Loading train/new_house_transactions.csv
Loading train/new_house_transactions_nearby_sectors.csv
Loading train/pre_owned_house_transactions.csv
Loading train/pre_owned_house_transactions_nearby_sectors.csv
Loading train/land_transactions.csv
Loading train/land_transactions_nearby_sectors.csv
Loading train/sector_POI.csv
Loading train/city_search_index.csv
Loading train/city_indexes.csv
Loading test.csv
Loading sample_submission.csv
train/new_house_transactions.csv (5433, 11)
train/new_house_transactions_nearby_sectors.csv (5360, 11)
train/pre_owned_house_transactions.csv (5360, 6)
train/pre_owned_house_transactions_nearby_sectors.csv (5427, 6)
train/land_transactions.csv (5896, 6)
train/land_transactions_nearby_sectors.csv (5025, 6)
train/sector_POI.csv (86, 142)
train/city_search_index.csv (4020, 4)
train/city_indexes.csv (7, 74)
test.csv (1152, 2)
sample_submission.csv (1152, 2)


## 4. Clean each base dataset (no merging)

In [4]:
# Cell 4: Clean base datasets individually and save cleaned copies (no merging)
cleaned = {}

# Transaction tables: numeric fill 0, strip strings
for key in ["train/new_house_transactions.csv","train/pre_owned_house_transactions.csv","train/land_transactions.csv",
            "train/new_house_transactions_nearby_sectors.csv","train/pre_owned_house_transactions_nearby_sectors.csv","train/land_transactions_nearby_sectors.csv"]:
    df = data.get(key)
    if df is None:
        cleaned[key] = None
        continue
    numcols = df.select_dtypes(include=[np.number]).columns.tolist()
    df[numcols] = df[numcols].fillna(0)
    for c in df.select_dtypes(include=['object']).columns:
        df[c] = df[c].astype(str).str.strip()
    cleaned[key] = df
    save_df(df, os.path.basename(key).replace(".csv","") + "_clean.csv")

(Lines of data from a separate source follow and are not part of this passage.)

(* Let $m\ge 2$, $k=2$ (the Bradley--Terry paired comparison model) and $\pi\in\mathbb{R}^m_{>0}$. A Bradley--Terry design $\xi^*=(w^*_{uv})_{u<v}$ is locally $D$-optimal if and only if (i) $w^*_{uv}\ge0$ for all $1\le u<v\le m$, (ii) $\Gamma_{uv}(\xi^* )\le\overline{\Gamma}_{uv}$ for all $u< v$, and (iii) $(\Gamma_{uv}(\xi^* )-\overline{\Gamma}_{uv})\,w^*_{uv}=0$ for all $u<v$, where $\overline{\Gamma}_{uv}=(m-1)/\lambda_{uv}$.
   Context: Bradley--Terry model: alternatives $[m]$ with parameters $\pi_i>0$; choice sets are all pairs $\{u,v\}$; in pair $\{u,v\}$, $u$ is chosen with probability $\pi_u/(\pi_u+\pi_v)$. A design is $\xi=(w_{uv})_{u<v}$ with $w_{uv}\ge0$ and $\sum w_{uv}=1$. Let $\lambda_{uv}=\pi_u\pi_v/(\pi_u+\pi_v)^2$. The information matrix $M(\xi)$ is the $m\times m$ Laplacian with $M_{uv}=-\lambda_{uv}w_{uv}$ for $u\neq v$ and zero row sums; $M^{(m)}(\xi)$ deletes the $m$-th row and column; $\xi^*$ is locally $D$-optimal if it maximizes $\log\det M^{(m)}(\xi)$ over all designs. $\Gamma(\xi)$ is the Farris transform of $\Sigma=M^{(m)}(\xi)^{-1}$: $\Gamma_{uv}=\Sigma_{uu}+\Sigma_{vv}-2\Sigma_{uv}$ for $u,v<m$, $\Gamma_{um}=\Gamma_{mu}=\Sigma_{uu}$, $\Gamma_{mm}=0$. *)

From HB Require Import structures.
From mathcomp Require Import all_boot all_order all_algebra.
From mathcomp Require Import all_classical all_reals all_analysis.
Set Implicit Arguments. Unset Strict Implicit. Unset Printing Implicit Defensive.
Import Order.TTheory GRing.Theory Num.Theory.
Local Open Scope ring_scope.

(* Alternatives are 'I_n.+1 (so m = n.+1); the m-th alternative is ord_max.
   A design is a function w : 'I_n.+1 -> 'I_n.+1 -> R of which only the
   entries w u v with u < v are used (w u v = w_{uv}). *)

Section BT.
Variables (R : realType) (n : nat).
Implicit Types (pi : 'I_n.+1 -> R) (w : 'I_n.+1 -> 'I_n.+1 -> R).

Definition wpair w (u v : 'I_n.+1) : R := if (u < v)%N then w u v else w v u.

Definition is_design w : Prop :=
  (forall u v : 'I_n.+1, (u < v)%N -> 0 <= w u v) /\
  \sum_(u : 'I_n.+1) \sum_(v : 'I_n.+1 | (u < v)%N) w u v = 1.

Definition lambdaBT pi (u v : 'I_n.+1) : R := pi u * pi v / (pi u + pi v) ^+ 2.

Definition infoM pi w : 'M[R]_n.+1 :=
  \matrix_(u, v) if u == v then \sum_(t : 'I_n.+1 | t != u) lambdaBT pi u t * wpair w u t
                 else - (lambdaBT pi u v * wpair w u v).

Definition infoMm pi w : 'M[R]_n := row' ord_max (col' ord_max (infoM pi w)).

Definition logdetM pi w : \bar R :=
  if 0 < \det (infoMm pi w) then (ln (\det (infoMm pi w)))%:E else -oo%E.

Definition locally_D_optimal pi w : Prop :=
  is_design w /\ forall w', is_design w' -> (logdetM pi w' <= logdetM pi w)%E.

(* Farris transform of Sigma = M^(m)^{-1} *)
Definition GammaBT pi w (u v : 'I_n.+1) : R :=
  let S := invmx (infoMm pi w) in
  match unlift ord_max u, unlift ord_max v with
  | Some i, Some j => S i i + S j j - 2 * S i j
  | Some i, None => S i i
  | None, Some j => S j j
  | None, None => 0
  end.

Definition GammaBar pi (u v : 'I_n.+1) : R := n%:R / lambdaBT pi u v.

End BT.

(* Write M for M^(m)(xi), S for its inverse and a_uv for the difference of the
   reduced indicator vectors of u and v.  Then M(xi) is the sum over u < v of
   w_uv lambda_uv a_uv a_uv^T and Gamma_uv(xi) = a_uv^T S a_uv, so
   tr (S M(xi')) = sum_{u<v} w'_uv lambda_uv Gamma_uv(xi) for every design xi'.
   Sufficiency: if lambda_uv Gamma_uv <= m - 1 for all pairs then
   tr (S M(xi')) <= m - 1, and AM-GM for the positive definite matrix
   L^-1 M(xi') L^-T, with L a Cholesky factor of M, gives det M(xi') <= det M.
   Necessity: moving the weight s / (1 + s) onto a pair uv multiplies det M by
   (1 + s lambda_uv Gamma_uv) / (1 + s)^(m-1) (matrix determinant lemma), which
   exceeds 1 for small s > 0 as soon as lambda_uv Gamma_uv > m - 1; finally
   sum_{u<v} w_uv lambda_uv Gamma_uv = tr (S M) = m - 1 = sum_{u<v} w_uv (m - 1)
   is a sum of nonnegative terms w_uv (m - 1 - lambda_uv Gamma_uv), which must
   all vanish. *)

From HB Require Import structures.
From mathcomp Require Import all_boot all_order all_algebra.
From mathcomp Require Import all_classical all_reals all_analysis.
From mathcomp Require Import ring lra.
Set Implicit Arguments. Unset Strict Implicit. Unset Printing Implicit Defensive.
Import Order.TTheory GRing.Theory Num.Theory.
Local Open Scope ring_scope.

Section BilinearForm.
Variables (R : comNzRingType) (k : nat).
Implicit Types (A E : 'M[R]_k) (x y : 'cV[R]_k).

Definition bilform A x y : R := (x^T *m A *m y) 0 0.

Lemma bilformC A x y : A^T = A -> bilform A x y = bilform A y x.
Proof.
move=> sA; rewrite /bilform -[in LHS](trmxK (x^T *m A *m y)) mxE.
by rewrite !trmx_mul trmxK sA mulmxA.
Qed.

Lemma bilformDl A x1 x2 y : bilform A (x1 + x2) y = bilform A x1 y + bilform A x2 y.
Proof. by rewrite /bilform linearD /= !mulmxDl mxE. Qed.

Lemma bilformDr A x y1 y2 : bilform A x (y1 + y2) = bilform A x y1 + bilform A x y2.
Proof. by rewrite /bilform !mulmxDr mxE. Qed.

Lemma bilformBl A x1 x2 y : bilform A (x1 - x2) y = bilform A x1 y - bilform A x2 y.
Proof. by rewrite /bilform linearB /= !mulmxBl !mxE. Qed.

Lemma bilformBr A x y1 y2 : bilform A x (y1 - y2) = bilform A x y1 - bilform A x y2.
Proof. by rewrite /bilform !mulmxBr !mxE. Qed.

Lemma bilformZl A a x y : bilform A (a *: x) y = a * bilform A x y.
Proof. by rewrite /bilform linearZ /= -!scalemxAl mxE. Qed.

Lemma bilformZr A a x y : bilform A x (a *: y) = a * bilform A x y.
Proof. by rewrite /bilform -!scalemxAr mxE. Qed.

Lemma bilform0l A y : bilform A 0 y = 0.
Proof. by rewrite /bilform trmx0 !mul0mx mxE. Qed.

Lemma bilform0r A x : bilform A x 0 = 0.
Proof. by rewrite /bilform mulmx0 mxE. Qed.

Lemma bilformZ a A x y : bilform (a *: A) x y = a * bilform A x y.
Proof. by rewrite /bilform -scalemxAr -scalemxAl mxE. Qed.

Lemma bilform_sum (I : finType) (P : pred I) (F : I -> 'M[R]_k) x y :
  bilform (\sum_(i | P i) F i) x y = \sum_(i | P i) bilform (F i) x y.
Proof. by rewrite /bilform mulmx_sumr mulmx_suml summxE. Qed.

Lemma bilform_delta A i j : bilform A (delta_mx i 0) (delta_mx j 0) = A i j.
Proof. by rewrite /bilform trmx_delta -rowE -colE !mxE. Qed.

Lemma bilform_mulmx A E x y : bilform (E^T *m A *m E) x y = bilform A (E *m x) (E *m y).
Proof. by rewrite /bilform trmx_mul !mulmxA. Qed.

Lemma bilform1 x : bilform 1%:M x x = \sum_i x i 0 ^+ 2.
Proof. by rewrite /bilform mulmx1 mxE; apply: eq_bigr => i _; rewrite mxE expr2. Qed.

Lemma bilform_outer a x : bilform (a *m a^T) x x = bilform 1%:M a x ^+ 2.
Proof.
rewrite /bilform mulmx1 !mulmxA -mulmxA -[a^T *m x]trmxK trmx_mul trmxK.
by rewrite [in LHS]mxE big_ord1 [_^T 0 0]mxE expr2.
Qed.

End BilinearForm.

Section PositiveDefinite.
Variables (R : realFieldType) (k : nat).
Implicit Types (A E : 'M[R]_k) (x : 'cV[R]_k).

Definition psdmx A := forall x, 0 <= bilform A x x.
Definition posdefmx A := forall x, x != 0 -> 0 < bilform A x x.

(* Writing q z for bilform A z z: if q x = 0 then q (x + t y) = 2 t (bilform A y x) + t^2 q y
   is nonnegative for every t, which forces bilform A y x = 0; take y = A x. *)
Lemma psdmx_isotropic A x :
  A^T = A -> psdmx A -> bilform A x x = 0 -> A *m x = 0.
Proof.
move=> sA pA qx0.
have bx0 y : bilform A y x = 0.
  set b := bilform A y x; set q := bilform A y y.
  have q0 : 0 <= q by apply: pA.
  have := pA (x + (- b / (q + 1)) *: y).
  rewrite bilformDl !bilformDr !bilformZl !bilformZr (bilformC x y sA) qx0 -/b -/q.
  set t := - b / (q + 1); have ht : t * (q + 1) = - b by rewrite divfK // gt_eqF ?ltr_wpDl.
  move=> h; have t0 : t = 0 by nra.
  by rewrite -[b]opprK -ht t0 mul0r oppr0.
have : bilform 1%:M (A *m x) (A *m x) = 0.
  by rewrite -(bx0 (A *m x)) /bilform mulmx1 mulmxA.
rewrite bilform1 => /psumr_eq0P sq0; apply/matrixP => i j; rewrite ord1 [RHS]mxE.
by apply/eqP; rewrite -sqrf_eq0 sq0 // => l _; exact: sqr_ge0.
Qed.

Lemma psdmx_unit_posdef A :
  A^T = A -> psdmx A -> A \in unitmx -> posdefmx A.
Proof.
move=> sA pA uA x x0; rewrite lt_def pA andbT.
apply: contraNneq x0 => /(psdmx_isotropic sA pA) Ax0.
by rewrite -(mulKmx uA x) Ax0 mulmx0.
Qed.

Lemma posdefmx_congr A E : E \in unitmx -> posdefmx A -> posdefmx (E^T *m A *m E).
Proof.
move=> uE pA x x0; rewrite bilform_mulmx; apply: pA.
by apply: contraNneq x0 => Ex0; rewrite -(mulKmx uE x) Ex0 mulmx0.
Qed.

Lemma posdefmx_tr_ge0 A : posdefmx A -> 0 <= \tr A.
Proof.
move=> pA; apply: sumr_ge0 => i _; rewrite -bilform_delta; apply/ltW/pA.
apply/negP => /eqP/matrixP/(_ i 0); rewrite !mxE !eqxx /=.
by move/eqP; rewrite oner_eq0.
Qed.

End PositiveDefinite.

Section SchurComplement.
Variables (R : fieldType) (k : nat) (A : 'M[R]_(1 + k)).

Definition schur_pivot := ulsubmx A 0 0.
Definition schur_compl :=
  drsubmx A - schur_pivot^-1 *: (dlsubmx A *m (dlsubmx A)^T).
Definition schur_elim : 'M[R]_(1 + k) :=
  block_mx 1%:M (schur_pivot^-1 *: (dlsubmx A)^T) 0 1%:M.
Definition schur_diag : 'M[R]_(1 + k) := block_mx schur_pivot%:M 0 0 schur_compl.

Hypothesis symA : A^T = A.

Lemma schur_factor : schur_pivot != 0 ->
  A = schur_elim^T *m schur_diag *m schur_elim.
Proof.
move=> a0; rewrite /schur_elim /schur_diag tr_block_mx !mulmx_block -{1}[A]submxK.
have -> : ulsubmx A = schur_pivot%:M by rewrite [LHS]mx11_scalar.
have -> : ursubmx A = (dlsubmx A)^T by rewrite trmx_dlsub symA.
have trE : (schur_pivot^-1 *: (dlsubmx A)^T)^T = schur_pivot^-1 *: dlsubmx A.
  by rewrite linearZ /= trmxK.
rewrite !trmx1 !trmx0 trE.
rewrite !(mul1mx, mulmx1, mul0mx, mulmx0, add0r, addr0).
rewrite mul_scalar_mx mul_mx_scalar !scalerA mulfV // !scale1r.
by congr block_mx; rewrite /schur_compl -scalemxAr addrC subrK.
Qed.

Lemma schur_elim_unit : schur_elim \in unitmx.
Proof. by rewrite unitmxE /schur_elim det_ublock !det1 mulr1 unitr1. Qed.

Lemma det_schur : schur_pivot != 0 -> \det A = schur_pivot * \det schur_compl.
Proof.
move=> a0; rewrite {1}(schur_factor a0) !det_mulmx det_tr /schur_elim det_ublock.
by rewrite !det1 /schur_diag det_ublock det_scalar1 !mul1r mulr1.
Qed.

Lemma schur_compl_sym : schur_compl^T = schur_compl.
Proof.
by rewrite /schur_compl linearB /= linearZ /= trmx_mul trmxK trmx_drsub symA.
Qed.

End SchurComplement.

Section SchurComplementPosdef.
Variables (R : realFieldType) (k : nat) (A : 'M[R]_(1 + k)).
Hypothesis symA : A^T = A.

Lemma schur_pivot_gt0 : posdefmx A -> 0 < schur_pivot A.
Proof.
move=> pA; have -> : schur_pivot A = bilform A (col_mx 1%:M 0) (col_mx 1%:M 0).
  rewrite /bilform tr_col_mx -{2}[A]submxK mul_row_block mul_row_col trmx1 trmx0.
  by rewrite !mul1mx !mul0mx !mulmx0 !addr0 mulmx1.
apply: pA; rewrite col_mx_eq0 negb_and; apply/orP; left.
by apply/negP => /eqP/matrixP/(_ 0 0); rewrite !mxE => /eqP; rewrite oner_eq0.
Qed.

Lemma schur_compl_posdef : posdefmx A -> posdefmx (schur_compl A).
Proof.
move=> pA y y0; have a0 : schur_pivot A != 0 by rewrite gt_eqF ?schur_pivot_gt0.
have ex0 : invmx (schur_elim A) *m col_mx 0 y != 0.
  apply: contraNneq y0 => /(congr1 (mulmx (schur_elim A))).
  by rewrite mulKVmx ?schur_elim_unit // mulmx0 => /eqP; rewrite col_mx_eq0 => /andP[].
have := pA _ ex0; rewrite {1}(schur_factor symA a0) bilform_mulmx mulKVmx ?schur_elim_unit //.
rewrite /bilform tr_col_mx /schur_diag mul_row_block mul_row_col.
by rewrite !mulmx0 !add0r.
Qed.

Lemma tr_schur_compl_le : 0 < schur_pivot A -> \tr (schur_compl A) <= \tr A - schur_pivot A.
Proof.
move=> a0; rewrite -{2}[A]submxK mxtrace_block trace_mx11 addrC addKr.
rewrite /schur_compl linearB /= mxtraceZ mxtrace_mulC trace_mx11 lerBlDr lerDl.
apply: mulr_ge0; first by rewrite invr_ge0 ltW.
by rewrite mxE; apply: sumr_ge0 => i _; rewrite mxE -expr2 sqr_ge0.
Qed.

End SchurComplementPosdef.

Lemma cholesky (R : rcfType) k (A : 'M[R]_k) : A^T = A -> posdefmx A ->
  exists2 L : 'M[R]_k, L \in unitmx & A = L *m L^T.
Proof.
elim: k A => [|k IH] A sA pA.
  by exists 1%:M; [rewrite unitmx1 | apply/matrixP => [[]]].
have a0 := schur_pivot_gt0 pA.
have [L' uL' hS] := IH _ (schur_compl_sym sA) (schur_compl_posdef sA pA).
pose G : 'M[R]_(1 + k) := block_mx (Num.sqrt (schur_pivot A))%:M 0 0 L'.
have hD : schur_diag A = G *m G^T.
  rewrite /G tr_block_mx mulmx_block !trmx0 tr_scalar_mx.
  by rewrite !(mulmx0, mul0mx, addr0, add0r) -scalar_mxM -expr2 sqr_sqrtr ?ltW // -hS.
exists ((schur_elim A)^T *m G).
  rewrite unitmx_mul unitmx_tr schur_elim_unit unitmxE /G (@det_ublock _ 1 k).
  by rewrite det_scalar1 unitrM unitfE gt_eqF ?sqrtr_gt0 // -unitmxE.
by rewrite {1}(schur_factor sA (lt0r_neq0 a0)) hD trmx_mul trmxK !mulmxA.
Qed.

Lemma posdefmx_det_gt0 (R : rcfType) k (A : 'M[R]_k) :
  A^T = A -> posdefmx A -> 0 < \det A.
Proof.
move=> sA pA; have [L uL ->] := cholesky sA pA.
by rewrite det_mulmx det_tr -expr2 exprn_even_gt0 //= -unitfE -unitmxE.
Qed.

Lemma mul_exp_le_AGM (R : realFieldType) (a s : R) k : 0 <= a -> 0 <= s ->
  a * (s / k%:R) ^+ k <= ((a + s) / k.+1%:R) ^+ k.+1.
Proof.
case: k => [|k] a0 s0; first by rewrite expr0 mulr1 expr1 divr1 lerDl.
pose E (i : 'I_k.+2) := if i == ord0 then a else s / k.+1%:R.
have E0 i : 0 <= E i by rewrite /E; case: ifP => // _; rewrite divr_ge0.
have := (leif_AGM (A := predT) (fun i _ => E0 i)).1.
rewrite cardT size_enum_ord !big_mkcond /= big_ord_recl [X in _ <= (X / _) ^+ _ -> _]big_ord_recl.
by rewrite /E /= prodr_const sumr_const card_ord -[s / _ *+ _]mulr_natr divfK ?pnatr_eq0.
Qed.

Lemma det_le_tr_pow (R : realFieldType) k (A : 'M[R]_k) : A^T = A -> posdefmx A ->
  \det A <= (\tr A / k%:R) ^+ k.
Proof.
elim: k A => [|k IH] A sA pA; first by rewrite det_mx00 expr0.
have a0 : 0 < schur_pivot A := schur_pivot_gt0 pA.
have pS := schur_compl_posdef sA pA.
rewrite (det_schur sA (lt0r_neq0 a0)).
apply: le_trans (ler_wpM2l (ltW a0) (IH _ (schur_compl_sym sA) pS)) _.
apply: le_trans (mul_exp_le_AGM k (ltW a0) (posdefmx_tr_ge0 pS)) _.
have trS := tr_schur_compl_le a0.
have trS0 := posdefmx_tr_ge0 pS.
rewrite ler_pXn2r ?nnegrE ?divr_ge0 //; try lra.
by rewrite ler_pM2r ?invr_gt0 ?ltr0n //; lra.
Qed.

# POI: drop >70% missing, fill rest 0
poi = data.get("train/sector_POI.csv")
if poi is not None:
    miss = poi.isna().mean()
    drop = miss[miss>0.7].index.tolist()
    poi_clean = poi.drop(columns=drop).fillna(0)
    cleaned["train/sector_POI.csv"] = poi_clean
    save_df(poi_clean, "sector_POI_clean.csv")
else:
    cleaned["train/sector_POI.csv"] = None

# city_search: aggregate if repeated keywords
csi = data.get("train/city_search_index.csv")
if csi is not None:
    if "search_volume" in csi.columns:
        csi_agg = csi.groupby("month", as_index=False)["search_volume"].sum().rename(columns={"search_volume":"city_search_volume"})
    else:
        # choose numeric candidate
        cand = [c for c in csi.columns if c.lower().count("search") or c.lower().count("volume")]
        if cand:
            csi_agg = csi.groupby("month", as_index=False)[cand[0]].sum().rename(columns={cand[0]:"city_search_volume"})
        else:
            csi_agg = csi.copy()
    cleaned["train/city_search_index.csv"] = csi_agg
    save_df(csi_agg, "city_search_index_clean.csv")
else:
    cleaned["train/city_search_index.csv"] = None

# city_indexes: drop >80% missing, ffill/bfill
ci = data.get("train/city_indexes.csv")
if ci is not None:
    missci = ci.isna().mean()
    dropci = missci[missci>0.8].index.tolist()
    ci_clean = ci.drop(columns=dropci).fillna(method='ffill').fillna(method='bfill')
    cleaned["train/city_indexes.csv"] = ci_clean
    save_df(ci_clean, "city_indexes_clean.csv")
else:
    cleaned["train/city_indexes.csv"] = None

# save test and sample submission
if data.get("test.csv") is not None:
    save_df(data["test.csv"], "test_clean.csv")
if data.get("sample_submission.csv") is not None:
    save_df(data["sample_submission.csv"], "sample_submission_clean.csv")


Saved: C:\Users\Mitudru\Documents\ML Project\realestateprediction\results\advanced_v2_outputs\new_house_transactions_clean.csv
Saved: C:\Users\Mitudru\Documents\ML Project\realestateprediction\results\advanced_v2_outputs\pre_owned_house_transactions_clean.csv
Saved: C:\Users\Mitudru\Documents\ML Project\realestateprediction\results\advanced_v2_outputs\land_transactions_clean.csv
Saved: C:\Users\Mitudru\Documents\ML Project\realestateprediction\results\advanced_v2_outputs\new_house_transactions_nearby_sectors_clean.csv
Saved: C:\Users\Mitudru\Documents\ML Project\realestateprediction\results\advanced_v2_outputs\pre_owned_house_transactions_nearby_sectors_clean.csv
Saved: C:\Users\Mitudru\Documents\ML Project\realestateprediction\results\advanced_v2_outputs\land_transactions_nearby_sectors_clean.csv
Saved: C:\Users\Mitudru\Documents\ML Project\realestateprediction\results\advanced_v2_outputs\sector_POI_clean.csv
Saved: C:\Users\Mitudru\Documents\ML Project\realestateprediction\results\ad

## 5. Aggregate base transaction tables to month+sector (for modeling)

In [5]:
# Cell 5: Aggregate (sum) numeric columns by month & sector per table
def agg_month_sector(df):
    if df is None or 'month' not in df.columns or 'sector' not in df.columns:
        return None
    numcols = df.select_dtypes(include=[np.number]).columns.tolist()
    if not numcols:
        return None
    return df.groupby(['month','sector'])[numcols].sum().reset_index()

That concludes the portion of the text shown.